(* Let $0<q<1$. Then \[ \sum_{n=0}^{\infty}\frac{(1+q^{2n+1})\,q^{n}}{(1-q^{2n+1})^{2}}=\frac{\pi_{q}^{2}}{(1-q^{2})^{2}q^{1/2}}. \]
   Context: Let $0<q<1$. With $(z;q)_\infty=\prod_{k\ge0}(1-zq^k)$, Gosper's $q$-pi is $\pi_q=(1-q^2)q^{1/4}\frac{(q^2;q^2)_\infty^2}{(q;q^2)_\infty^2}$. *)

From Stdlib Require Import Reals.
Open Scope R_scope.

Fixpoint qpoch_fin (z q : R) (N : nat) : R :=
  match N with
  | O => 1
  | S n => qpoch_fin z q n * (1 - z * q ^ n)
  end.

Definition is_qpoch_inf (z q P : R) : Prop :=
  Un_cv (fun N => qpoch_fin z q N) P.

(* Gosper's q-pi, given the values A = (q^2;q^2)_inf and B = (q;q^2)_inf. *)
Definition gosper_pi_q (q A B : R) : R :=
  (1 - q ^ 2) * Rpower q (1/4) * (A ^ 2 / B ^ 2).

(* Write X = q^(2n) and let F_n(k) be the k-th summand times
     (q^(2n+3); q^2)_k / (q^(2n+4); q^2)_k  *  q^k (q^(-2n); q^2)_k / (q^(1-2n); q^2)_k.
   The last factor vanishes for k > n, so S_n = sum_k F_n(k) terminates, and creative
   telescoping yields a rational certificate G with
     F_(n+1)(k) - rho(q^(2n)) F_n(k) = G_n(k+1) - G_n(k).
   Summing over k gives S_(n+1) = rho(q^(2n)) S_n, so S_n is an explicit quotient of finite
   q-Pochhammer products, tending to ((q^2; q^2)_oo / (q; q^2)_oo)^4, which is the right-hand
   side.  As n -> oo, F_n(k) tends to the k-th summand, and |F_n(k)| <= C q^k uniformly since
   the truncating factor is a quotient of two terms of the increasing sequence
   (q^2; q^2)_m / (q; q^2)_m; Tannery's theorem passes to the limit. *)

From Stdlib Require Import Reals Lra Lia Psatz.
Open Scope R_scope.

(** * Sequences and series *)

Lemma Un_cv_const (c : R) : Un_cv (fun _ => c) c.
Proof.
  intros eps Heps; exists O; intros n _.
  unfold Rdist; rewrite Rminus_diag, Rabs_R0; lra.
Qed.

Lemma Un_cv_succ (u : nat -> R) (l : R) : Un_cv u l -> Un_cv (fun n => u (S n)) l.
Proof.
  intros Hu; apply (Un_cv_ext (fun n => u (n + 1)%nat)).
  - intros n; f_equal; lia.
  - exact (CV_shift' u 1 l Hu).
Qed.

Lemma Un_cv_inv (u : nat -> R) (l : R) :
  Un_cv u l -> l <> 0 -> Un_cv (fun n => / u n) (/ l).
Proof.
  intros Hu Hl; apply (continuity_seq Rinv); [|exact Hu].
  change Rinv with (/ id)%F.
  apply continuity_pt_inv; [apply derivable_continuous_pt, derivable_pt_id | exact Hl].
Qed.

Lemma Un_cv_div (u v : nat -> R) (l m : R) :
  Un_cv u l -> Un_cv v m -> m <> 0 -> Un_cv (fun n => u n / v n) (l / m).
Proof. intros Hu Hv Hm; apply CV_mult; [exact Hu | exact (Un_cv_inv v m Hv Hm)]. Qed.

Lemma Un_cv_pow (u : nat -> R) (l : R) (m : nat) :
  Un_cv u l -> Un_cv (fun n => u n ^ m) (l ^ m).
Proof.
  intros Hu; induction m as [|m IH]; [exact (Un_cv_const 1)|].
  exact (CV_mult _ _ _ _ Hu IH).
Qed.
......
Task: Report every line of the data above that contains the string "frac" by copying it in full.

Task output:
(* Let $0<q<1$. Then \[ \sum_{n=0}^{\infty}\frac{(1+q^{2n+1})\,q^{n}}{(1-q^{2n+1})^{2}}=\frac{\pi_{q}^{2}}{(1-q^{2})^{2}q^{1/2}}. \]
   Context: Let $0<q<1$. With $(z;q)_\infty=\prod_{k\ge0}(1-zq^k)$, Gosper's $q$-pi is $\pi_q=(1-q^2)q^{1/4}\frac{(q^2;q^2)_\infty^2}{(q;q^2)_\infty^2}$. *)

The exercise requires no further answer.